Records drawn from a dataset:
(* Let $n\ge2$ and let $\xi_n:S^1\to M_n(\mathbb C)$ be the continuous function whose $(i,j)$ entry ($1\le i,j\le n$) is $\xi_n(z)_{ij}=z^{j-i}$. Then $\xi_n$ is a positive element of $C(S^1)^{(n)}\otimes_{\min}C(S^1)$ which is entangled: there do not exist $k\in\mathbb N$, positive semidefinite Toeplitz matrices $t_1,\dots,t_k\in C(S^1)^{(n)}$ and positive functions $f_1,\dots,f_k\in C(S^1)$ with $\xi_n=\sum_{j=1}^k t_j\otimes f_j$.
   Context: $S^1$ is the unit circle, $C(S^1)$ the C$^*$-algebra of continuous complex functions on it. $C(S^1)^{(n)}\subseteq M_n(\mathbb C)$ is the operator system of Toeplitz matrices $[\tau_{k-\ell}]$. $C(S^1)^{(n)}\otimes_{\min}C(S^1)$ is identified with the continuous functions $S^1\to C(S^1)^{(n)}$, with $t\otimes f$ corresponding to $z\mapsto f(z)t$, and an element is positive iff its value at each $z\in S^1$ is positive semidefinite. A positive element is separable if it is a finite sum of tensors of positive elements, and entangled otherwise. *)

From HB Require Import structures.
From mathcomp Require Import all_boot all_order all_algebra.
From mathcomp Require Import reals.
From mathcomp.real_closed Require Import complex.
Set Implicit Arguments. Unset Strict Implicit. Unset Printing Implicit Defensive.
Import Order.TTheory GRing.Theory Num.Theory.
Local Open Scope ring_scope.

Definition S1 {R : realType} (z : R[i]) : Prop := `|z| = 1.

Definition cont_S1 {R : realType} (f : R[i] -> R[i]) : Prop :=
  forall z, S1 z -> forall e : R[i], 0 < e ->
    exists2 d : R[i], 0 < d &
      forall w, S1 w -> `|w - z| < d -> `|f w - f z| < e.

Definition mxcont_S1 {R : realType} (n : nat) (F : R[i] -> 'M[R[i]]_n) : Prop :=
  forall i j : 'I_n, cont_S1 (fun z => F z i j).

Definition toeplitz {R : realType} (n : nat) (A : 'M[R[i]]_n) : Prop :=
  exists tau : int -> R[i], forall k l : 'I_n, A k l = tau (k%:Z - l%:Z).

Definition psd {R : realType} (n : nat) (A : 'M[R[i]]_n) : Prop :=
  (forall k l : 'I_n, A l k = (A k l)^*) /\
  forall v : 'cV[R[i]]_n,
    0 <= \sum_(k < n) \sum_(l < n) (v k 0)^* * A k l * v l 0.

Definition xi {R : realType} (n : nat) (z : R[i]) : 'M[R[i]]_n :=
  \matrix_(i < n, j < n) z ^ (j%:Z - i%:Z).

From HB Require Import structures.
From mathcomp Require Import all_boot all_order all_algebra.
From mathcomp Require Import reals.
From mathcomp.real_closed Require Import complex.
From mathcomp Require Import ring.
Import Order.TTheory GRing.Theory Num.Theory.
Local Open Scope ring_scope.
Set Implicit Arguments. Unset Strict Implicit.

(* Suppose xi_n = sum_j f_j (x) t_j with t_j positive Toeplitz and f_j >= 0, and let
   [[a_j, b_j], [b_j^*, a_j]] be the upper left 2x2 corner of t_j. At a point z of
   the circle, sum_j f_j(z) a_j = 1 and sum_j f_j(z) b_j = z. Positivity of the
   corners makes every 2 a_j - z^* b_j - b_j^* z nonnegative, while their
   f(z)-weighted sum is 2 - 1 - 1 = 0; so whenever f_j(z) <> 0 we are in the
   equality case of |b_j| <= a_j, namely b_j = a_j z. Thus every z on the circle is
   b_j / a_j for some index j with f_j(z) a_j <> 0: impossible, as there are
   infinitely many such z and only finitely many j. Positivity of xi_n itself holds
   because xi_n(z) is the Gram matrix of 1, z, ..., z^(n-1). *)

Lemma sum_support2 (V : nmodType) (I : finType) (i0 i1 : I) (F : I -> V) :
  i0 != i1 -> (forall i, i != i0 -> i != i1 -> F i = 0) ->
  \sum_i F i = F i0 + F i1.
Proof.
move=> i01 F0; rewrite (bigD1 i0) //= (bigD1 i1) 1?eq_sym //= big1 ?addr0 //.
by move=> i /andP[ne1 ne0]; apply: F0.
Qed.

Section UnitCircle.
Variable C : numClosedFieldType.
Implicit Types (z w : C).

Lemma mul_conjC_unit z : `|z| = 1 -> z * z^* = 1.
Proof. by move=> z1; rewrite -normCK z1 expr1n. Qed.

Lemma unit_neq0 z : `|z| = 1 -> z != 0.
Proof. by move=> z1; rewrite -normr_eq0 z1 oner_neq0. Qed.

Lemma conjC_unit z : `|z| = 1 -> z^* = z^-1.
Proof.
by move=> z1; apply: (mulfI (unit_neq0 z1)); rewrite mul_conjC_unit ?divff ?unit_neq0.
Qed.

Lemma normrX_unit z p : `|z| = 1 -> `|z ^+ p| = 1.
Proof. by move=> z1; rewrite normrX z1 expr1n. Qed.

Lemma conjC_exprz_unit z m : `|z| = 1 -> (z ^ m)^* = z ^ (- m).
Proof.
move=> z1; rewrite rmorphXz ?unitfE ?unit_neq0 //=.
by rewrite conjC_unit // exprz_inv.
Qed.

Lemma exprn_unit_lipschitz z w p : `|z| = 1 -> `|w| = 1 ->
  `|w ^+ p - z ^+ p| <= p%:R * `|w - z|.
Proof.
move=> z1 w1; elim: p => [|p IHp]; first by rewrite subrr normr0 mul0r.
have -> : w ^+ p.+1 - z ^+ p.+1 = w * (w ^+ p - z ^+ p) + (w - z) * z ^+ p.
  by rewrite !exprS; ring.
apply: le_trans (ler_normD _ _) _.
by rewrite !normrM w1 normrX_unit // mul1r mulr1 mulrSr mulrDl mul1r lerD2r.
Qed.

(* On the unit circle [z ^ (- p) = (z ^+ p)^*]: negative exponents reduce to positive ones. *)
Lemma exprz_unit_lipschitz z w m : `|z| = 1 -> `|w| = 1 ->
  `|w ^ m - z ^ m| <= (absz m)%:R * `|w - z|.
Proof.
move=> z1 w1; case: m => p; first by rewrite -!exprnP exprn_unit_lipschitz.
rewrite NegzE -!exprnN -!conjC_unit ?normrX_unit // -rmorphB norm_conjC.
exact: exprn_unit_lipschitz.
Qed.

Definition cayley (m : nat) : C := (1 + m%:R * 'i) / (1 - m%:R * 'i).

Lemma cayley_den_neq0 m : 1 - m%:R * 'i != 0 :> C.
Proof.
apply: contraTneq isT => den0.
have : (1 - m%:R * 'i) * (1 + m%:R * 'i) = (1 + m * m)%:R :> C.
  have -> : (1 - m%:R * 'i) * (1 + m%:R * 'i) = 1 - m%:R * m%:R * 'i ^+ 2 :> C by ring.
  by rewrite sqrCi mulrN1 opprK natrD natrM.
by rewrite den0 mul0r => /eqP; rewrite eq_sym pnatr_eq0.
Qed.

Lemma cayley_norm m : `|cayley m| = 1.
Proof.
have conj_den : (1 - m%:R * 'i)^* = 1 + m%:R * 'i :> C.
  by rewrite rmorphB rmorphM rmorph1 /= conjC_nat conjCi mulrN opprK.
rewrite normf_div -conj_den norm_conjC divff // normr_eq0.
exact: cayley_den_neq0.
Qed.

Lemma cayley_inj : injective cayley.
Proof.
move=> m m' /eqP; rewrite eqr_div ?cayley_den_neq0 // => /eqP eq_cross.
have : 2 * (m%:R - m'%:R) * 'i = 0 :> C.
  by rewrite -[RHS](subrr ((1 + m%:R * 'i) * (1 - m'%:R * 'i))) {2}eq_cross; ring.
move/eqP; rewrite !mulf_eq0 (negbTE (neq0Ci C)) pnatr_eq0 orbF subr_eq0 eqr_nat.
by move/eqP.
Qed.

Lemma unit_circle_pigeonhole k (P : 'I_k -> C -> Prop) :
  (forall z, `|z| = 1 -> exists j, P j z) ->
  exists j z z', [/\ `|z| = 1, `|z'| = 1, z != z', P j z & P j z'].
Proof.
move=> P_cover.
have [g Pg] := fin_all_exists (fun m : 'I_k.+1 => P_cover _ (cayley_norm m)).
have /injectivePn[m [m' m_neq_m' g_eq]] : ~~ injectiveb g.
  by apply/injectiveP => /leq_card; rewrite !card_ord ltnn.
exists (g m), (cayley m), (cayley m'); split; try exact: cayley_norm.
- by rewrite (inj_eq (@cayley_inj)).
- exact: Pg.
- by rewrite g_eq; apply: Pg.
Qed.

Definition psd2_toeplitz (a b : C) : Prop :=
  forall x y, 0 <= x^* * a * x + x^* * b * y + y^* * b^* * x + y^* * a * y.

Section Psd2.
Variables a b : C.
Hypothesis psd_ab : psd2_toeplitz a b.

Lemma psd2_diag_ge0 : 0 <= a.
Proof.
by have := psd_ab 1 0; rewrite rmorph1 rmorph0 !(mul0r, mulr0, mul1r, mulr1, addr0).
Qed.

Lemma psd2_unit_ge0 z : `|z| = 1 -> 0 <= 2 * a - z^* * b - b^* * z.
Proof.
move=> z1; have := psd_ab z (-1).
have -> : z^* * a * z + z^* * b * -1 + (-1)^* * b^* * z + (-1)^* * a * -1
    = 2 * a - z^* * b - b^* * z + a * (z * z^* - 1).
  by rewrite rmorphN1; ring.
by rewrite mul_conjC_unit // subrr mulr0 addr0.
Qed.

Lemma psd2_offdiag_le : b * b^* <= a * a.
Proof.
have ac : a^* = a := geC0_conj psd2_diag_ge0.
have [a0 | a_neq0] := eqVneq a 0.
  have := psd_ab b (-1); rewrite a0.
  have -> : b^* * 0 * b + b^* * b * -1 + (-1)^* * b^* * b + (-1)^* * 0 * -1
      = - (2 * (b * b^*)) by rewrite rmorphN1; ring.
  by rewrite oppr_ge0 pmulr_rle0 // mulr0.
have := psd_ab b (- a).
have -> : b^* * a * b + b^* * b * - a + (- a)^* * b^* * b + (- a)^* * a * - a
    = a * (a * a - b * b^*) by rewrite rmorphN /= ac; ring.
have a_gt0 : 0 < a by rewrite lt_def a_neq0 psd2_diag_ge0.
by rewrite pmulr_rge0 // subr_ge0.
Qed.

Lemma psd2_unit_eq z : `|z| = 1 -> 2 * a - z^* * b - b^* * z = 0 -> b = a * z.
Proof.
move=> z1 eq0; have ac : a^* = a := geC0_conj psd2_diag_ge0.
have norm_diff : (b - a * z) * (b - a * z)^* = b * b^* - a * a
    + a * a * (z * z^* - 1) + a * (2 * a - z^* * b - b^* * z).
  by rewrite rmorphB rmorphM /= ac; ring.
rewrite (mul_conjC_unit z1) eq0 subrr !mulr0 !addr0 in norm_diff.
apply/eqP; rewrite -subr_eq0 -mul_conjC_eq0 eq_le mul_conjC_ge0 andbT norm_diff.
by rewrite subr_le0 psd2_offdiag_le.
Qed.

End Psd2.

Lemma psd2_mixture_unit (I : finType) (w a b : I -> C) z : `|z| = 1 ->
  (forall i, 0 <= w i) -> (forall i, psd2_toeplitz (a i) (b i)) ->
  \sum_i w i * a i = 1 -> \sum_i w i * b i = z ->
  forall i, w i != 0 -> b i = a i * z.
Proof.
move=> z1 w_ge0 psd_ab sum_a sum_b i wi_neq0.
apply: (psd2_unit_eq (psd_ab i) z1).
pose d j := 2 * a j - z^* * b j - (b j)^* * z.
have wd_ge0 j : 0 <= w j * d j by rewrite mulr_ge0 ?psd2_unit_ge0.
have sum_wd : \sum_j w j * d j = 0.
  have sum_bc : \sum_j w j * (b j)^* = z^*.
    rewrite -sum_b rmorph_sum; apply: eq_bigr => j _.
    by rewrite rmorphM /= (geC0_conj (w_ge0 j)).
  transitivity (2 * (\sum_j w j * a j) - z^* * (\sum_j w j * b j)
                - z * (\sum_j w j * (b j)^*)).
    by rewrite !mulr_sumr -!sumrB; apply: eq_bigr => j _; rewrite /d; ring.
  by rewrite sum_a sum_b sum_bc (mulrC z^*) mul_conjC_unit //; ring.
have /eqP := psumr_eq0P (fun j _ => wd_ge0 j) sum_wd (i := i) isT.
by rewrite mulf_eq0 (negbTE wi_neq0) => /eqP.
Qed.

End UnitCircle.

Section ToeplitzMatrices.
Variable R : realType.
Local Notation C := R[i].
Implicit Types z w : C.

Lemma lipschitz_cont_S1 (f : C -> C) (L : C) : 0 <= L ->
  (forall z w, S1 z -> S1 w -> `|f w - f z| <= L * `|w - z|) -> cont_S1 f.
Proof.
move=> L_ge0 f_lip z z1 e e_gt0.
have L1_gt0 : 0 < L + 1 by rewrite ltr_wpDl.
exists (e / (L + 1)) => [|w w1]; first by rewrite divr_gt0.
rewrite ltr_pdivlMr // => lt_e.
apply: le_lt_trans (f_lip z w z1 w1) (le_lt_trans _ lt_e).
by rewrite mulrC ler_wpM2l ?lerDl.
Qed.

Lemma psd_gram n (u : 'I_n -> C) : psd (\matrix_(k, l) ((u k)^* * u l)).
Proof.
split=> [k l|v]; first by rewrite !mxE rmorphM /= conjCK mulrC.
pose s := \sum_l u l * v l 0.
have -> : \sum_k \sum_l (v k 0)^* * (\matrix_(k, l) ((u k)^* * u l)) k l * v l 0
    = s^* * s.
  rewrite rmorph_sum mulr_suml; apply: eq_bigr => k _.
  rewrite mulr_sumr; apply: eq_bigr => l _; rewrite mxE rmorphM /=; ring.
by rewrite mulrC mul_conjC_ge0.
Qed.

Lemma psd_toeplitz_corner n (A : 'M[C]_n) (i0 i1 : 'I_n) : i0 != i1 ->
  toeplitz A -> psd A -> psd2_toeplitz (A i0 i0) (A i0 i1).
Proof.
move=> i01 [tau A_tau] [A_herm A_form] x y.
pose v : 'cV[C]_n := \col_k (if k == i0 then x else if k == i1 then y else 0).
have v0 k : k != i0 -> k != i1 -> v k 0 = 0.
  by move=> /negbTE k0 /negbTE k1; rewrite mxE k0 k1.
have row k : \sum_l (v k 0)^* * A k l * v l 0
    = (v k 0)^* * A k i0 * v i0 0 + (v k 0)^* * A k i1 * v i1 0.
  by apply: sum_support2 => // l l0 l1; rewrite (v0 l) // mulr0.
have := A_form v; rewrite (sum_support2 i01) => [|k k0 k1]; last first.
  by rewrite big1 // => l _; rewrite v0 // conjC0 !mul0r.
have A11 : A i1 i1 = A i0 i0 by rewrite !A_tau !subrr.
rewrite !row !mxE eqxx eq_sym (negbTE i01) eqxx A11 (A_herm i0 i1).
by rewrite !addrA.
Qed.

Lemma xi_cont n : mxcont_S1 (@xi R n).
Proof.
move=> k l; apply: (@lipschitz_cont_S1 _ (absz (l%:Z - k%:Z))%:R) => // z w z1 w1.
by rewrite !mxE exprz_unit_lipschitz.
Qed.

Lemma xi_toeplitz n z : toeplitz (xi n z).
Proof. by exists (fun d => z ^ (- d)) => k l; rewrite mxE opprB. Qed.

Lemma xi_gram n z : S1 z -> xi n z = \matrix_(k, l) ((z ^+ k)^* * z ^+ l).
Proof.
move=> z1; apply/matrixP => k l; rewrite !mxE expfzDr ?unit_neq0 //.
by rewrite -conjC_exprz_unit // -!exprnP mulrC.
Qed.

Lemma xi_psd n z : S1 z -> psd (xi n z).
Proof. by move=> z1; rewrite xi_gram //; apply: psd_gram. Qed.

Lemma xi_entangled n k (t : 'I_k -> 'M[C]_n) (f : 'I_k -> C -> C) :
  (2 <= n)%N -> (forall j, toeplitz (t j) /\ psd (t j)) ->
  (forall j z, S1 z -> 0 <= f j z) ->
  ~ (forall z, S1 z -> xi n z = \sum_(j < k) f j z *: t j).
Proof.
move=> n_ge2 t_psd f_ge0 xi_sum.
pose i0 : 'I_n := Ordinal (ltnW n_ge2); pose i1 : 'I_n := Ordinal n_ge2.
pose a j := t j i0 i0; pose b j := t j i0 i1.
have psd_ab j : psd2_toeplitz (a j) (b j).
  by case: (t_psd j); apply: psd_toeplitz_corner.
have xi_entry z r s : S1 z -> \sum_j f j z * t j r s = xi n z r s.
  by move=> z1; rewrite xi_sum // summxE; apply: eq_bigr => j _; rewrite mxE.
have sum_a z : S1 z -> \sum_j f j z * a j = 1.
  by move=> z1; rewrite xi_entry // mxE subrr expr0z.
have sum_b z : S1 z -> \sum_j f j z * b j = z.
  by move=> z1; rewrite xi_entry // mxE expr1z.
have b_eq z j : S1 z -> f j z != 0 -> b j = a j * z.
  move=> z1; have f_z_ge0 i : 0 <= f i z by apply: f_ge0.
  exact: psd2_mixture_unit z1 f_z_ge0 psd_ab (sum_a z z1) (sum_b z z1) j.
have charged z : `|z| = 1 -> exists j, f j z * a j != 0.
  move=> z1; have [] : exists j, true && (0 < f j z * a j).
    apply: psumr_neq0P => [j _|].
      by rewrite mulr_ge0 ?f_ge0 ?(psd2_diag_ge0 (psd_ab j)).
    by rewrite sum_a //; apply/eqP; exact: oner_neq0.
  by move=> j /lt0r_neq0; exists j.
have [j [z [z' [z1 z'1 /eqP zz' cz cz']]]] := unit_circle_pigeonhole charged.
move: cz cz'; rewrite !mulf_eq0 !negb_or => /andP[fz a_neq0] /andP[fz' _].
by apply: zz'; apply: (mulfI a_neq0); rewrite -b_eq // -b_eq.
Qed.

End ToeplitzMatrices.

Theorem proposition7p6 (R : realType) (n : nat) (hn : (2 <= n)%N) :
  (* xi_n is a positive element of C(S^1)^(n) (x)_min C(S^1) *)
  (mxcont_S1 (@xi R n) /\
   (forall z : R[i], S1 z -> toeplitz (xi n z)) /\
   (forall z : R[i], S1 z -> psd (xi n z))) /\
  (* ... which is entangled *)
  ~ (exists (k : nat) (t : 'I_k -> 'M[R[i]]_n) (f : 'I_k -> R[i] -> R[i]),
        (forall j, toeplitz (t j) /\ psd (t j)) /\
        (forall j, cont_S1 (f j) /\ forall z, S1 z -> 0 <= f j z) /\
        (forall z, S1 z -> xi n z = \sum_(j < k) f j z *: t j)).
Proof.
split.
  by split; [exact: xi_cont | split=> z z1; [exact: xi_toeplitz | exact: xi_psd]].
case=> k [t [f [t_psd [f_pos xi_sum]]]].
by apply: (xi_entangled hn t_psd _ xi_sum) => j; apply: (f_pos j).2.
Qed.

=== Activity ===
Scan the data above and report each line in which "element" is present.

=== Answer for the task ===
(* Let $n\ge2$ and let $\xi_n:S^1\to M_n(\mathbb C)$ be the continuous function whose $(i,j)$ entry ($1\le i,j\le n$) is $\xi_n(z)_{ij}=z^{j-i}$. Then $\xi_n$ is a positive element of $C(S^1)^{(n)}\otimes_{\min}C(S^1)$ which is entangled: there do not exist $k\in\mathbb N$, positive semidefinite Toeplitz matrices $t_1,\dots,t_k\in C(S^1)^{(n)}$ and positive functions $f_1,\dots,f_k\in C(S^1)$ with $\xi_n=\sum_{j=1}^k t_j\otimes f_j$.
   Context: $S^1$ is the unit circle, $C(S^1)$ the C$^*$-algebra of continuous complex functions on it. $C(S^1)^{(n)}\subseteq M_n(\mathbb C)$ is the operator system of Toeplitz matrices $[\tau_{k-\ell}]$. $C(S^1)^{(n)}\otimes_{\min}C(S^1)$ is identified with the continuous functions $S^1\to C(S^1)^{(n)}$, with $t\otimes f$ corresponding to $z\mapsto f(z)t$, and an element is positive iff its value at each $z\in S^1$ is positive semidefinite. A positive element is separable if it is a finite sum of tensors of positive elements, and entangled otherwise. *)
  (* xi_n is a positive element of C(S^1)^(n) (x)_min C(S^1) *)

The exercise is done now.